Gpcr は、治療的介入のほとんどの検証分子標的の中で多くの病因学に貢献する規制を解かれた GPCR を介したシグナル伝達、例えば機能獲得変異受容体遺伝子の受容体の過剰発現が原因人間の病気の8。したがって、Gpcr は製薬業界8,9,10を用いて創薬ターゲットの最も重要なクラスの 1 つを表します。臨床的に関連する GPCR の顕著な例は CXC ケモカイン受容体 4 (CXCR4)、唯一の天然リガンド、CXC ケモカイン配位子 12 (cxcl 12)11によって活性化することができます。(HIV-1) ひと免疫不全ウイルス 1 の主要な共受容体として確立された役割のためのエントリ、クラスターの分化 4 (CD4) 抗ウイルス薬ターゲットとして肯定的な T リンパ球12, CXCR4 を調べた最初の感染。さらに骨髄に cxcl 12 CXCR4 相互作用調節保持し幹・前駆細胞のホーミング細胞13。また、がん生物学 (例えば、腫瘍細胞の生存、転移、腫瘍関連血管新生)14の多くの側面でいくつかその他疾患 (例えば、炎症性疾患)15, CXCR4 の関与を考える創薬のための有望なターゲットとして大きな関心を発生します。AMD3100, CXCR4 を標的とする低分子抗 HIV 薬候補16として発見された当初はまだ日付17に記載されている最も強力な CXCR4 アンタゴニストの一つ.その開発と抗ウイルス薬は、しかし、18は中止。現在この分子は、多発性骨髄腫とリンパ腫の患者のための18の治療中に幹細胞動員エージェントとして使用されます。いくつかの他の化学的に無関係な小さな分子や CXCR4 関数をさまざまな効力を抑制する生物学的製剤は、記述されている19をされています。

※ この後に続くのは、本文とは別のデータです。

Lemma rep_comp s k m h gs :
  representable s m h -> length gs = m -> Forall (representable s k) gs ->
  representable s k (fun xs => h (map (fun g => g xs) gs)).
Proof.
  intros [H [Hconv Hty]] Hlen Hgs.
  destruct (Forall_exists_Forall2 (represents s k) gs Hgs) as [Es HEs].
  exists (lams k (apps H (map (fun G => apps G (vars k)) Es))); split.
  - intros ns Hns.
    assert (Hargs : Forall2 conv
      (map (fun t => msubst t 0 (map rho ns)) (map (fun G => apps G (vars k)) Es))
      (map rho (map (fun g => g ns) gs))).
    { clear Hlen Hgs.
      induction HEs as [|g G gs Es [HGconv HGty] _ IH]; simpl; constructor; auto.
      rewrite msubst_apps, (closed_msubst 0) by (apply (typed_closed _ _ _ HGty) || lia).
      rewrite <- Hns, <- (length_map rho), msubst_vars.
      now apply HGconv. }
    eapply conv_trans; [apply multi_beta; [apply map_rho_closed | now rewrite length_map]|].
    rewrite msubst_apps, (closed_msubst 0) by (apply (typed_closed _ _ _ Hty) || lia).
    eapply conv_trans; [apply conv_apps_args, Hargs|].
    apply Hconv; now rewrite !length_map.
  - apply lams_typed.
    apply apps_typed with (repeat (omega (tau s)) m); [now apply weaken_closed|].
    rewrite <- Hlen, (Forall2_length HEs); clear -HEs.
    induction HEs as [|g G gs Es [_ HGty] _ IH]; simpl; constructor; auto.
    apply apps_typed with (repeat (omega (tau s)) k); [now apply weaken_closed | apply vars_typed].
Qed.

Lemma rep_comp1 s k g :
  representable s 1 g -> 0 < k -> representable s k (fun xs => g [nth 0 xs 0]).
Proof.
  intros Hg Hk; apply (rep_comp s k 1 g [fun xs => nth 0 xs 0]); auto.
  repeat constructor; now apply rep_proj.
Qed.

Ltac solve_typing :=
  repeat first [ apply ht_lam | eapply ht_app | (apply ht_var; reflexivity) ].

Lemma rep_add s : representable s 2 (fun xs => nth 0 xs 0 + nth 1 xs 0).
Proof.
  exists (lams 2 (Lam (Lam (App (App (Var 3) (Var 1)) (App (App (Var 2) (Var 1)) (Var 0)))))).
  split; [|solve_typing].
  intros [|a [|b [|]]] Hns; try discriminate.
  eapply conv_trans; [apply multi_beta; [apply map_rho_closed | reflexivity]|]; simpl.
  rewrite (rho_unfold (a + b)), Nat.iter_add; do 2 apply conv_lam.
  eapply conv_trans; [apply conv_appr, rho_app | apply rho_app].
Qed.

Lemma rep_mul s : representable s 2 (fun xs => nth 0 xs 0 * nth 1 xs 0).
Proof.
  exists (lams 2 (Lam (Lam (App (App (Var 3) (App (Var 2) (Var 1))) (Var 0))))).
  split; [|solve_typing].
  intros [|a [|b [|]]] Hns; try discriminate.
  eapply conv_trans; [apply multi_beta; [apply map_rho_closed | reflexivity]|]; simpl.
  rewrite (rho_unfold (a * b)); do 2 apply conv_lam.
  eapply conv_trans; [apply rho_app | apply iter_rho_app].
Qed.

Lemma rep_ifzero s :
  representable s 3 (fun xs => if nth 0 xs 0 =? 0 then nth 1 xs 0 else nth 2 xs 0).
Proof.
  (* [λ n m p f x. n (λ _. p f x) (m f x)] *)
  exists (lams 3 (Lam (Lam (App (App (Var 4) (Lam (App (App (Var 3) (Var 2)) (Var 1))))
                               (App (App (Var 3) (Var 1)) (Var 0)))))).
  split; [|solve_typing].
  intros [|a [|b [|c [|]]]] Hns; try discriminate.
  eapply conv_trans; [apply multi_beta; [apply map_rho_closed | reflexivity]|]; simpl.
  rewrite (rho_unfold (if a =? 0 then b else c)); do 2 apply conv_lam.
  eapply conv_trans; [apply rho_app|].
  destruct a; simpl; [apply rho_app|].
  eapply conv_trans; [apply conv_step, step_beta|]; cbn -[rho].
  rewrite (closed_subst 0) by (apply rho_closed || lia).
  apply rho_app.
Qed.

Lemma rep_plus s k g1 g2 : representable s k g1 -> representable s k g2 ->
  representable s k (fun xs => g1 xs + g2 xs).
Proof. intros; apply (rep_comp s k 2 _ [g1; g2] (rep_add s)); repeat constructor; auto. Qed.

Lemma rep_times s k g1 g2 : representable s k g1 -> representable s k g2 ->
  representable s k (fun xs => g1 xs * g2 xs).
Proof. intros; apply (rep_comp s k 2 _ [g1; g2] (rep_mul s)); repeat constructor; auto. Qed.

Lemma rep_if_zero s k g1 g2 g3 :
  representable s k g1 -> representable s k g2 -> representable s k g3 ->
  representable s k (fun xs => if g1 xs =? 0 then g2 xs else g3 xs).
Proof. intros; apply (rep_comp s k 3 _ [g1; g2; g3] (rep_ifzero s)); repeat constructor; auto. Qed.

Definition numerals (s : nat) (w : nat -> nat) : list term := map (fun i => rho (w i)) (seq 0 s).

Lemma length_numerals s w : length (numerals s w) = s.
Proof. unfold numerals; now rewrite length_map, length_seq. Qed.

Lemma nth_numerals s w i d : i < s -> nth i (numerals s w) d = rho (w i).
Proof.
  intros Hi; unfold numerals.
  rewrite nth_indep with (d' := rho (w 0)) by (rewrite length_map, length_seq; lia).
  now rewrite (map_nth (fun i => rho (w i))), seq_nth.
Qed.

Lemma numerals_closed s w : Forall (closed_at 0) (numerals s w).
Proof. unfold numerals; apply Forall_map, Forall_forall; intros; apply rho_closed. Qed.

Lemma numerals_typed G s w : Forall2 (has_type G) (numerals s w) (repeat alpha s).
Proof.
  apply Forall2_repeat_r; [apply length_numerals|].
  unfold numerals; apply Forall_map, Forall_forall; intros; apply rho_typed.
Qed.

Definition num_tuple (s : nat) (w : nat -> nat) : term := Lam (apps (Var 0) (numerals s w)).

(* [λ x_0 ... x_(s-1). h x_(p 0) ... x_(p (s-1))], with [h] free *)
Definition permute_args (s : nat) (p : nat -> nat) : term :=
  lams s (apps (Var s) (map (fun i => Var (s - 1 - p i)) (seq 0 s))).

Definition tuple_map (s : nat) (p : nat -> nat) : term :=
  Lam (Lam (App (Var 1) (permute_args s p))).

Lemma num_tuple_ext s w w' : (forall i, w i = w' i) -> num_tuple s w = num_tuple s w'.
Proof.
  intros Hw; unfold num_tuple, numerals.
  now rewrite (map_ext _ _ (fun i => f_equal rho (Hw i))).
Qed.

Lemma num_tuple_typed G s w : has_type G (num_tuple s w) (tau s).
Proof.
  constructor; apply apps_typed with (repeat alpha s).
  - now constructor.
  - apply numerals_typed.
Qed.

Lemma permute_args_typed G s p :
  has_type (arrows (repeat alpha s) alpha :: G) (permute_args s p) (arrows (repeat alpha s) alpha).
Proof.
  apply lams_typed, apps_typed with (repeat alpha s).
  - constructor.
    now rewrite nth_error_app2, repeat_length, Nat.sub_diag by (rewrite repeat_length; lia).
  - apply Forall2_repeat_r; [now rewrite length_map, length_seq|].
    apply Forall_map, Forall_forall; intros i Hi.
    apply in_seq in Hi; apply var_repeat_typed; lia.
Qed.

Lemma tuple_map_typed G s p : has_type G (tuple_map s p) (Arr (tau s) (tau s)).
Proof.
  do 2 constructor; apply ht_app with (arrows (repeat alpha s) alpha).
  - now constructor.
  - apply (weaken [_] _), permute_args_typed.
Qed.
(* Let $\mathfrak{X}$ be a connected complex analytic manifold with base point $z^*$, universal covering $\widetilde{\mathfrak{X}}$, and $\pi=\pi_1(\mathfrak{X},z^* )$. Then the spaces $\widehat{\mathcal{F}}^q_k$ of the $\hat\pi$-unipotent filtration are invariant under all monodromy operators $M_\gamma$, $\gamma\in\pi$.
   Context: $\pi$ acts on $\widetilde{\mathfrak{X}}$ by deck transformations $T_\gamma$; for a holomorphic $q$-form $\theta$ on $\widetilde{\mathfrak{X}}$, $M_\gamma\theta=T_\gamma^*\theta$ and $\mathrm{Var}_\gamma\theta=M_\gamma\theta-\theta$. $\hat\pi\subset\pi$ is the kernel of the natural epimorphism $\pi\to H_1(\mathfrak{X};\mathbb{Z}_2)$. The $\hat\pi$-unipotent filtration on the space $\mathcal{A}^q(\widetilde{\mathfrak{X}})$ of holomorphic $q$-forms on $\widetilde{\mathfrak{X}}$ is $\widehat{\mathcal{F}}^q_{-1}=\{0\}$ and $\widehat{\mathcal{F}}^q_k=\{\theta:\mathrm{Var}_\gamma\theta\in\widehat{\mathcal{F}}^q_{k-1}\text{ for all }\gamma\in\hat\pi\}$ for $k\ge0$. *)

From HB Require Import structures.
From mathcomp Require Import all_boot all_order all_algebra.
Set Implicit Arguments. Unset Strict Implicit. Unset Printing Implicit Defensive.
Import GRing.Theory.
Local Open Scope ring_scope.

Record group_str (G : Type) := GroupStr {
  gmul : G -> G -> G;
  ginv : G -> G;
  gone : G;
  gmulA : forall x y z, gmul x (gmul y z) = gmul (gmul x y) z;
  gmul1 : forall x, gmul gone x = x;
  gmulV : forall x, gmul (ginv x) x = gone;
}.

(* pi-hat := kernel of pi -> pi^ab (x) Z_2 = H_1(X; Z_2), i.e. the subgroup
   generated by the squares of pi (it contains the commutators). *)
Inductive hat_sub (G : Type) (g : group_str G) : G -> Prop :=
  | hat_one : hat_sub g (gone g)
  | hat_sq : forall x, hat_sub g (gmul g x x)
  | hat_mul : forall x y, hat_sub g x -> hat_sub g y -> hat_sub g (gmul g x y).

(* A right action of the group on V by linear maps: M_gamma = T_gamma^*,
   so M_(gamma delta) = M_delta o M_gamma and M_1 = id. *)
Definition monodromy_action (K : fieldType) (V : lmodType K) (G : Type)
  (g : group_str G) (M : G -> {linear V -> V}) : Prop :=
  (forall v, M (gone g) v = v) /\
  (forall x y v, M (gmul g x y) v = M y (M x v)).

Definition Var (K : fieldType) (V : lmodType K) (G : Type)
  (M : G -> {linear V -> V}) (x : G) (v : V) : V := M x v - v.

(* unip_filt k = \hat F_k ; \hat F_{-1} = {0}. *)
Fixpoint unip_filt (K : fieldType) (V : lmodType K) (G : Type)
  (g : group_str G) (M : G -> {linear V -> V}) (k : nat) : V -> Prop :=
  match k with
  | 0 => fun v => forall x, hat_sub g x -> Var M x v = 0
  | k'.+1 => fun v => forall x, hat_sub g x -> unip_filt g M k' (Var M x v)
  end.

(** The group pi-hat is normal in pi, and M_c intertwines variations:
    Var_x (M_c v) = M_c (Var_(c x c^-1) v).  Hence M_c maps the defining
    condition of each filtration step onto the same condition for the
    conjugated variations, and invariance follows by induction on k. *)

From mathcomp Require Import all_boot all_order all_algebra.
Import GRing.Theory.
Local Open Scope ring_scope.

Section GroupFacts.
Variables (G : Type) (g : group_str G).
Local Notation "x * y" := (gmul g x y).
Local Notation "x ^-1" := (ginv g x).
Local Notation "1" := (gone g).

(* The axioms only give a left identity and left inverses. *)
Lemma gmulVr x : x * x^-1 = 1.
Proof.
have idem : (x * x^-1) * (x * x^-1) = x * x^-1.
  by rewrite -gmulA (gmulA _ x^-1) gmulV gmul1.
rewrite -[x * x^-1](gmul1 g) -{1}(gmulV g (x * x^-1)).
by rewrite -gmulA idem gmulV.
Qed.

Lemma gmul1r x : x * 1 = x.
Proof. by rewrite -(gmulV g x) gmulA gmulVr gmul1. Qed.

Lemma gmulVKr a c : (a * c^-1) * c = a.
Proof. by rewrite -gmulA gmulV gmul1r. Qed.

Lemma hat_subJ c x : hat_sub g x -> hat_sub g ((c * x) * c^-1).
Proof.
elim=> [|y|y z _ Hy _ Hz].
- by rewrite gmul1r gmulVr; constructor.
- have -> : (c * (y * y)) * c^-1 = ((c * y) * c^-1) * ((c * y) * c^-1).
    by rewrite !gmulA gmulVKr.
  by constructor.
- have -> : (c * (y * z)) * c^-1 = ((c * y) * c^-1) * ((c * z) * c^-1).
    by rewrite !gmulA gmulVKr.
  by constructor.
Qed.

End GroupFacts.

Section Monodromy.
Variables (K : fieldType) (V : lmodType K) (G : Type) (g : group_str G).
Variable M : G -> {linear V -> V}.
Hypothesis M_mul : forall x y v, M (gmul g x y) v = M y (M x v).

Lemma Var_monodromy c x v :
  Var M x (M c v) = M c (Var M (gmul g (gmul g c x) (ginv g c)) v).
Proof. by rewrite /Var linearB /= -!M_mul gmulVKr M_mul. Qed.

Lemma unip_filt_monodromy k c v :
  unip_filt g M k v -> unip_filt g M k (M c v).
Proof.
elim: k c v => [|k IH] c v /= Hv x Hx; rewrite Var_monodromy.
- by rewrite Hv ?linear0 //; apply: hat_subJ.
- by apply: IH; apply: Hv; apply: hat_subJ.
Qed.

End Monodromy.

Theorem lemma2 (K : fieldType) (V : lmodType K) (G : Type) (g : group_str G)
  (M : G -> {linear V -> V}) (HM : monodromy_action g M) :
  forall (k : nat) (gam : G) (v : V),
    unip_filt g M k v -> unip_filt g M k (M gam v).
Proof.
case: HM => _ M_mul k gam v.
exact: unip_filt_monodromy.
Qed.
(* Let $K$ be an origin-symmetric convex body in $\mathbb{R}^2$ and let $\mu$ be a B-measure on $\partial K$. Then $\operatorname{supp}(\mu)\subseteq A(K)\setminus E(K)$.
   Context: For an origin-symmetric convex body $K\subset\mathbb{R}^2$ (compact convex set with non-empty interior, $K=-K$), let $\|x\|_K=\min\{\lambda>0: x\in\lambda K\}$ be the associated norm. For non-zero $x,y\in\mathbb{R}^2$, $x$ is Birkhoff orthogonal to $y$, written $x\dashv y$, if $\|x\|_K\le\|x+ty\|_K$ for all $t\in\mathbb{R}$. An angular measure on $\partial K$ is a Borel measure $\mu$ on $\partial K$ with $\mu(\partial K)=2\pi$, $\mu(X)=\mu(-X)$ for every Borel $X\subseteq\partial K$, and $\mu(\{x\})=0$ for every $x\in\partial K$. A B-measure is an angular measure $\mu$ such that $\mu(C)=\pi/2$ for every closed arc $C$ of $\partial K$ that contains no pair of opposite points $z,-z$ and whose endpoints $x,y$ satisfy $x\dashv y$. A point $x\in\partial K$ is an Auerbach point if there is $y\in\partial K$ with $x\dashv y$ and $y\dashv x$; $A(K)$ denotes the set of Auerbach points. $E(K)$ denotes the union of all relatively open non-degenerate line segments contained in $\partial K$. The support $\operatorname{supp}(\mu)$ is the set of all $x\in\partial K$ such that every relatively open subset of $\partial K$ containing $x$ has positive $\mu$-measure. *)

From Stdlib Require Import Reals.
Open Scope R_scope.

Definition pt := (R * R)%type.
Definition pset := pt -> Prop.

Definition padd (x y : pt) : pt := (fst x + fst y, snd x + snd y).
Definition pscale (l : R) (x : pt) : pt := (l * fst x, l * snd x).
Definition popp (x : pt) : pt := (- fst x, - snd x).
Definition pzero : pt := (0, 0).

Definition pdist (x y : pt) : R :=
  sqrt ((fst x - fst y)^2 + (snd x - snd y)^2).
(* The sets $\{123,2413\}$ and $\{132,2314\}$ are forest-Wilf equivalent, and the sets $\{123,3142\}$ and $\{132,3124\}$ are forest-Wilf equivalent.
   Context: A rooted labeled forest on $[n]$ is an unordered forest on $n$ vertices, each component with a distinguished root, with distinct labels from $[n]$. For a permutation (pattern) $\pi$ of $[k]$, an instance of $\pi$ is a sequence of vertices $v_1,\dots,v_k$ with $v_i$ a strict ancestor of $v_{i+1}$ whose labels are in the same relative order as $\pi$; a forest avoids a set of patterns if it has no instance of any of them. Two sets $S,S'$ are forest-Wilf equivalent if for every $n\ge0$ the number of rooted labeled forests on $[n]$ avoiding $S$ equals the number avoiding $S'$. *)

From mathcomp Require Import all_boot.
Set Implicit Arguments. Unset Strict Implicit. Unset Printing Implicit Defensive.

(* A rooted labeled forest on [n] is encoded by its parent map:
   vertex x : 'I_n (label x+1) has parent f x = Some y, or is a root (f x = None).
   Labels are the vertices themselves (shifted by one, which does not affect
   relative order). *)
Definition parent_map (n : nat) := {ffun 'I_n -> option 'I_n}.

Definition par n (f : parent_map n) (o : option 'I_n) : option 'I_n :=
  if o is Some x then f x else None.

(* acyclicity: every vertex reaches a root; in an n-vertex forest this happens
   within n parent steps. *)
Definition is_forest n (f : parent_map n) : bool :=
  [forall x : 'I_n, iter n (par f) (Some x) == None].

(* u is a strict ancestor of v (depths are < n, so k+1 <= n steps suffice). *)
Definition strict_anc n (f : parent_map n) (u v : 'I_n) : bool :=
  [exists k : 'I_n, iter k.+1 (par f) (Some v) == Some u].

(* A pattern is a permutation of [k] written in one-line notation as a seq nat. *)
Definition has_instance n (f : parent_map n) (pi : seq nat) : bool :=
  [exists t : {ffun 'I_(size pi) -> 'I_n},
     [forall i : 'I_(size pi), forall j : 'I_(size pi),
        ((i.+1 == j :> nat) ==> strict_anc f (t i) (t j)) &&
        ((t i < t j) == (nth 0 pi i < nth 0 pi j))]].

Definition avoids n (f : parent_map n) (S : seq (seq nat)) : bool :=
  all (fun pi => ~~ has_instance f pi) S.

Definition num_avoiding (S : seq (seq nat)) (n : nat) : nat :=
  #|[pred f : parent_map n | is_forest f && avoids f S]|.

Definition forest_wilf_equiv (S S' : seq (seq nat)) : Prop :=
  forall n : nat, num_avoiding S n = num_avoiding S' n.

From mathcomp Require Import all_boot zify.
Set Implicit Arguments. Unset Strict Implicit. Unset Printing Implicit Defensive.

(* A vertex is low when one of its strict ancestors has a smaller label; every low vertex
   gets a key, a non-low strict ancestor with a smaller label: the ancestor of least label
   for the first pair of sets, the topmost ancestor with a smaller label for the second.
   For each pair, a forest avoids the first set iff along every chain the labels of low
   vertices with a common key decrease, while a low descendant with a different key is
   smaller than every ancestor of the upper vertex; it avoids the second set iff the same
   holds with "decrease" replaced by "increase". Reversing the order of the labels inside
   each class of low vertices sharing a key preserves lowness and keys, hence turns one
   condition into the other; being an involution on forests, it is a bijection between the
   two sets of avoiding forests. *)

Section ReverseInSet.
Variables (n : nat) (G : {set 'I_n}).

Definition rev_in (x : 'I_n) : 'I_n := nth x (rev (enum G)) (index x (enum G)).

Lemma sorted_enum_set : sorted (fun x y : 'I_n => x < y) (enum G).
Proof.
rewrite /enum_mem; apply: sorted_filter; first by move=> y x z; apply: ltn_trans.
by rewrite -enumT; have := iota_ltn_sorted 0 n; rewrite -val_enum_ord sorted_map.
Qed.

Lemma nth_enum_set_lt (x0 : 'I_n) i j : i < #|G| -> j < #|G| ->
  (nth x0 (enum G) i < nth x0 (enum G) j) = (i < j).
Proof.
rewrite cardE => ltiG ltjG.
have lt_nth := sorted_ltn_nth (fun y x z => @ltn_trans (val y) (val x) (val z)) x0 sorted_enum_set.
case: (ltngtP i j) => [ltij|ltji|->]; last by rewrite ltnn.
- exact: lt_nth.
- by apply/negbTE; rewrite -leqNgt ltnW // lt_nth.
Qed.

Lemma rev_in_notin x : x \notin G -> rev_in x = x.
Proof. by rewrite -mem_enum /rev_in => /memNindex ->; rewrite nth_default // size_rev. Qed.

Lemma rev_inE x : x \in G -> rev_in x = nth x (enum G) (#|G| - (index x (enum G)).+1).
Proof. by rewrite -mem_enum -index_mem /rev_in => xG; rewrite nth_rev // cardE. Qed.

Lemma index_enum_set_lt x : x \in G -> index x (enum G) < #|G|.
Proof. by rewrite cardE index_mem mem_enum. Qed.

Lemma rev_in_mem x : x \in G -> rev_in x \in G.
Proof.
move=> xG; have := index_enum_set_lt xG.
by rewrite rev_inE // -mem_enum => ltxG; rewrite mem_nth // -cardE ltn_subrL (leq_ltn_trans _ ltxG).
Qed.

Lemma index_rev_in x : x \in G -> index (rev_in x) (enum G) = #|G| - (index x (enum G)).+1.
Proof.
move=> xG; have ltxG := index_enum_set_lt xG.
by rewrite rev_inE // index_uniq ?enum_uniq // -cardE ltn_subrL (leq_ltn_trans _ ltxG).
Qed.

Lemma rev_inK : {in G, involutive rev_in}.
Proof.
move=> x xG; have ltxG := index_enum_set_lt xG.
rewrite rev_inE ?rev_in_mem // index_rev_in //.
have -> : #|G| - (#|G| - (index x (enum G)).+1).+1 = index x (enum G) by lia.
by rewrite nth_index // mem_enum.
Qed.

Lemma rev_in_lt : {in G &, forall x y, (rev_in x < rev_in y) = (y < x)}.
Proof.
move=> x y xG yG.
have [ltxG ltyG] := (index_enum_set_lt xG, index_enum_set_lt yG).
have mirror_lt i : i < #|G| -> #|G| - i.+1 < #|G| by lia.
rewrite !rev_inE // (set_nth_default x y) -?cardE ?mirror_lt //.
rewrite nth_enum_set_lt ?mirror_lt //.
rewrite -{2}(nth_index x (_ : x \in enum G)) ?mem_enum //.
rewrite -{2}(nth_index x (_ : y \in enum G)) ?mem_enum // nth_enum_set_lt //; lia.
Qed.
End ReverseInSet.

Record ancestry n (anc : rel 'I_n) : Prop := Ancestry {
  anc_trans : forall a b c, anc a b -> anc b c -> anc a c;
  anc_irrefl : irreflexive anc;
  anc_comparable : forall a b c, anc a c -> anc b c -> [\/ a = b, anc a b | anc b a] }.

Definition order_like (xs pi : seq nat) :=
  forall i j, i < size pi -> j < size pi ->
    (nth 0 xs i < nth 0 xs j) = (nth 0 pi i < nth 0 pi j).

Ltac order_like_tac :=
  let like := fresh "like" in
  split=> [like | ?];
  [ have := like 0 1; have := like 0 2; have := like 0 3; have := like 1 0;
    have := like 1 2; have := like 1 3; have := like 2 0; have := like 2 1;
    have := like 2 3; have := like 3 0; have := like 3 1; have := like 3 2;
    rewrite /=; lia
  | move=> [|[|[|[|i]]]] [|[|[|[|j]]]] //=; lia ].

Lemma order_like_123 a b c : order_like [:: a; b; c] [:: 1; 2; 3] <-> a < b /\ b < c.
Proof. by order_like_tac. Qed.

Lemma order_like_132 a b c : order_like [:: a; b; c] [:: 1; 3; 2] <-> a < c /\ c < b.
Proof. by order_like_tac. Qed.

Lemma order_like_2413 a b c d :
  order_like [:: a; b; c; d] [:: 2; 4; 1; 3] <-> c < a /\ a < d /\ d < b.
Proof. by order_like_tac. Qed.

Lemma order_like_2314 a b c d :
  order_like [:: a; b; c; d] [:: 2; 3; 1; 4] <-> c < a /\ a < b /\ b < d.
Proof. by order_like_tac. Qed.

Lemma order_like_3142 a b c d :
  order_like [:: a; b; c; d] [:: 3; 1; 4; 2] <-> b < d /\ d < a /\ a < c.
Proof. by order_like_tac. Qed.

Lemma order_like_3124 a b c d :
  order_like [:: a; b; c; d] [:: 3; 1; 2; 4] <-> b < c /\ c < a /\ a < d.
Proof. by order_like_tac. Qed.

(* lia (through zify) case-splits on boolean hypotheses such as [has_smaller_anc lam x],
   which makes it very slow; only the arithmetic ones are kept. *)
Ltac lia_arith :=
  repeat match goal with H : is_true ?b |- _ =>
    lazymatch b with leq _ _ => fail | _ => clear H end end;
  lia.

Section Ancestry.
Variables (n : nat) (anc : rel 'I_n).
Hypothesis anc_ok : ancestry anc.
Let anc_tr := anc_trans anc_ok.
Let anc_irr := anc_irrefl anc_ok.
Let anc_cmp := anc_comparable anc_ok.

Definition has_smaller_anc (lam : 'I_n -> nat) x := [exists u, anc u x && (lam u < lam x)].

Definition is_min_anc (lam : 'I_n -> nat) x u :=
  anc u x && [forall v, anc v x ==> (lam u <= lam v)].

Definition is_top_smaller_anc (lam : 'I_n -> nat) x u :=
  [&& anc u x, lam u < lam x & [forall v, anc v u ==> (lam x < lam v)]].

Definition same_key (key : rel 'I_n) x y := [exists u, key x u && key y u].

Definition key_spec (lam : 'I_n -> nat) (key : rel 'I_n) :=
  [/\ forall x, has_smaller_anc lam x -> exists u, key x u,
      forall x u u', key x u -> key x u' -> u = u',
      forall x u, has_smaller_anc lam x -> key x u -> anc u x /\ lam u < lam x &
      forall x u, has_smaller_anc lam x -> key x u -> ~~ has_smaller_anc lam u].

受容体結合メソッドは、関心の GPCR と直接対話する化合物 (例えば、小分子) を識別できるように薬理学の貴重なツールです。結合試験を実行するために、細胞内シグナル伝達のプロパティまたは特定の GPCR の機能に関する知識の必要はありません。これは利点であるためと考えられることができます、それは化合物が受容体の結合を示すことができますがさらに彼らの潜在的な敵対または敵対的活動を評価することによって特徴付けられる必要があることを意味します。この活動は、GPCR 研究の下に関連する薬理学的または生物学的アッセイを使用して評価できます。彼らの活動のプロファイルに依存して、受容体の結合の分子、潜在的になる進化可能性前臨床試験と臨床研究の調査のための新規リード化合物。高親和性受容体に特異結合する分子が腫瘍細胞20の生体内非侵襲イメージングのカイネティックスそれらによって例えば治療または診断ツールを生成するための足場として、または可能性としても利用できます。治療21のターゲットを絞った配信のための車。CXCR4 の場合腫瘍細胞の生体内イメージングが既に実証されているラベル CXCR4 ターゲット分子がひと癌異種移植片20,22,23 の視覚化を許可する前記マウスモデルを使用して.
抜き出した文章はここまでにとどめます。